You hear your name and you meet with the doctor and he tells you that you have three good embryos. You exhale for the first time all morning. The fourth, he says, never should have been frozen, so we will transfer the remaining three. They put you in a room, offer you a valium which you gratefully accept. Then you take the walk. The walk to the “other” part of the clinic, where the transfer and rooms and the surgery areas for retrieval and the embryology lab are all located.
There’s a bed with blankets and chocolates, a nice touch. You’ve been drinking water all morning, but of course it’s not enough and you have to drink more. The nurse, who’s always so sweet, tells you that she’ll be back to check you in a few minutes. Your cd is in and playing, and it’s sort of relaxing but it’s hard not to cry anyway. And if you’re me, you say “this is it” – meaning this is IT, because this is pretty much your last shot at this. No more embryos, no more money. The embryologist comes in to make sure the name on your wristband matches the name attached to the embryos she’s been thawing and then the doctor comes in to get things rolling.
As much as you want this part to be peaceful, to be something beautiful, it’s not. It’s painful, with the full bladder and the pushing and maneuvering to get things in position. They tell you they are transferring the embryos and you’re looking at the ultrasound screen and all you see is snow. They try to make you comfortable and tell you to lay there for 10 minutes and set an egg timer. Of course by then ALL you can think about is how badly you have to pee and how badly it hurts to not be able to.
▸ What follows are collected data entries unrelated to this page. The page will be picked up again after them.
Lemma defect_source_small :
  exists K, forall s, 0 < s < tc -> Rabs (defect_source s) <= K * (tc - s).
Proof.
  set (Gm := 1 + 3 * tc).
  exists (7 + 15 * Gm ^ 2 + 6 * Gm * (3 * (2 + 3 * tc))). intros s Hs.
  pose proof (x_range s ltac:(lra)). pose proof (f_le_dist s ltac:(lra)).
  pose proof (f_le_1 s ltac:(lra)). pose proof (g_pos s ltac:(lra)). pose proof (g_le s ltac:(lra)).
  pose proof (g_deriv_small s Hs).
  assert (Hx2 : 0 <= x s ^ 2 <= 1) by (simpl; nra).
  assert (Hxf : 0 <= x s ^ 2 * f s <= tc - s) by (split; nra).
  assert (Hf4 : 0 <= f s ^ 4 <= 1).
  { split; [apply pow_le; lra | rewrite <- (pow1 4); apply pow_incr; lra]. }
  assert (T1 : Rabs (7 * x s ^ 2 * f s ^ 5) <= 7 * (tc - s)).
  { replace (7 * x s ^ 2 * f s ^ 5) with (7 * (x s ^ 2 * f s) * f s ^ 4) by ring.
    rewrite Rabs_pos_eq by (apply Rmult_le_pos; lra). nra. }
  assert (T2 : Rabs (15 * x s ^ 2 * f s * g s ^ 2) <= 15 * Gm ^ 2 * (tc - s)).
  { replace (15 * x s ^ 2 * f s * g s ^ 2) with (15 * (x s ^ 2 * f s) * g s ^ 2) by ring.
    assert (0 <= g s ^ 2 <= Gm ^ 2) by (unfold Gm; simpl; split; nra).
    rewrite Rabs_pos_eq by (apply Rmult_le_pos; lra). nra. }
  assert (T3 : Rabs (6 * g s * (3 * x s ^ 2 * f s ^ 3 - 3 * x s ^ 2 * f s * g s))
               <= 6 * Gm * (3 * (2 + 3 * tc)) * (tc - s)).
  { rewrite Rabs_mult, Rabs_mult, (Rabs_pos_eq 6), (Rabs_pos_eq (g s)) by lra.
    pose proof (Rabs_pos (3 * x s ^ 2 * f s ^ 3 - 3 * x s ^ 2 * f s * g s)).
    unfold Gm in *. nra. }
  unfold defect_source. unfold Rminus at 1 2.
  eapply Rle_trans; [apply Rabs_triang |]. rewrite Rabs_Ropp.
  eapply Rle_trans; [apply Rplus_le_compat_r, Rabs_triang |]. rewrite Rabs_Ropp.
  lra.
Qed.
Theorem lemma2p2 (n : nat) (n_gt0 : (0 < n)%N) (n_even : ~~ odd n)
    (H : {group 'D_(n.*2)}) :
  is_dihedral H ->
  (#|[set: 'D_(n.*2)] : H|)%g = 2 ->
  (4 %| #|H|)%N ->
  res3_injective [set: 'D_(n.*2)] H.
Proof.
move=> [m m_gt1 isoH] iGH H4.
have n_gt1 : (1 < n)%N by rewrite ltn_neqAle n_gt0 andbT; apply: contraNneq n_even => <-.
have /existsP[[x y] /= /eqP[defG xn y2 xy]] := isoGrp_hom (Grp_dihedral n_gt1).
have oG := card_dihedral n_gt1.
have [ox _] := dihedral_orders n_gt1 defG xn y2 xy oG.
have oH : #|H| = n by have := Lagrange (subsetT H); rewrite iGH oG muln2 => /double_inj.
have [r rH rNx] : exists2 r, r \in H & r \notin <[x]>%g.
  apply/subsetPn; apply: contraL (dihedral_group_not_cyclic m_gt1) => sHx.
  by rewrite -(isog_cyclic isoH) (cyclicS sHx) ?cycle_cyclic.
pose k := n./2; have nE : n = k.*2 by rewrite -[n in LHS]even_halfK.
have k_even : ~~ odd k.
  by move: H4; rewrite oH nE -mul2n -[4]/(2 * 2)%N dvdn_pmul2l // dvdn2.
have xkH : (x ^+ k)%g \in H.
  have -> : (x ^+ k = x ^+ k./2 * x ^+ k./2)%g by rewrite -expgD addnn even_halfK.
  by rewrite (mulgg_index2 (subsetT H) iGH) ?inE.
apply: (res3_injective_dihedral (k := k)) rH xkH.
- by rewrite lt0n; apply: contraTneq n_gt0 => k0; rewrite nE k0.
- by rewrite ox.
- exact: dihedral_refl_involution n_gt1 defG xn y2 xy oG _ rNx.
- by move=> s; apply: dihedral_refl_invert n_gt1 defG xn y2 xy oG _ _ rNx.
- exact: rNx.
- by move=> g gNx; apply: dihedral_refl_mul n_gt1 defG xn y2 xy oG _ _ gNx rNx.
Qed.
And the lack of dignity continues when they bring you a bedpan because you’re in pain from not being able to pee and that becomes a disaster because, well, it’s a bedpan and finally the bell on the egg timer rings and you give up and decide to just get dressed and go down the hall to the bathroom. When you get up it’s like when you’ve been drinking and haven’t stood up for awhile and you stand up and realize how much you’ve really had. The valium has kicked in and you need to lean on your partner in order to walk 50 feet to the bathroom.
When you get home, you make your way slowly up the stairs and climb into bed and fall asleep for hours. You spend the next few days feeling like every little cough, move, or whatever is jeopardizing the little embryos inside of you. Your best friend comes over to help out because your partner has to work and you have two little ones at home and the doctors tell you bedrest.
And now you sit, 5dp5dt, and your first beta is tomorrow. They won’t tell you anything, because they do a 6 and an 8dpt and don’t give you any information until after the 8dp5dt test. You understand but it’s cruel and unusual punishment to drag you out there for a blood test that they hold onto the results for 2 days for. So you analyze every symptom and lack of symptoms and wonder what could possibly be going on in there.
You think of people you know, family, friends, who have gotten pregnant without any of this. And you would never wish infertility on your worst enemy, but you sometimes wish they understood. Because you wouldn’t be trying so hard to keep this process from them if they did. So the circle of people who “know” is small. Supportive, wonderful, and small.
So when you look ahead at the week to come, you’ve already prepared yourself to have to call in sick if the news isn’t good. And you pray. For strength.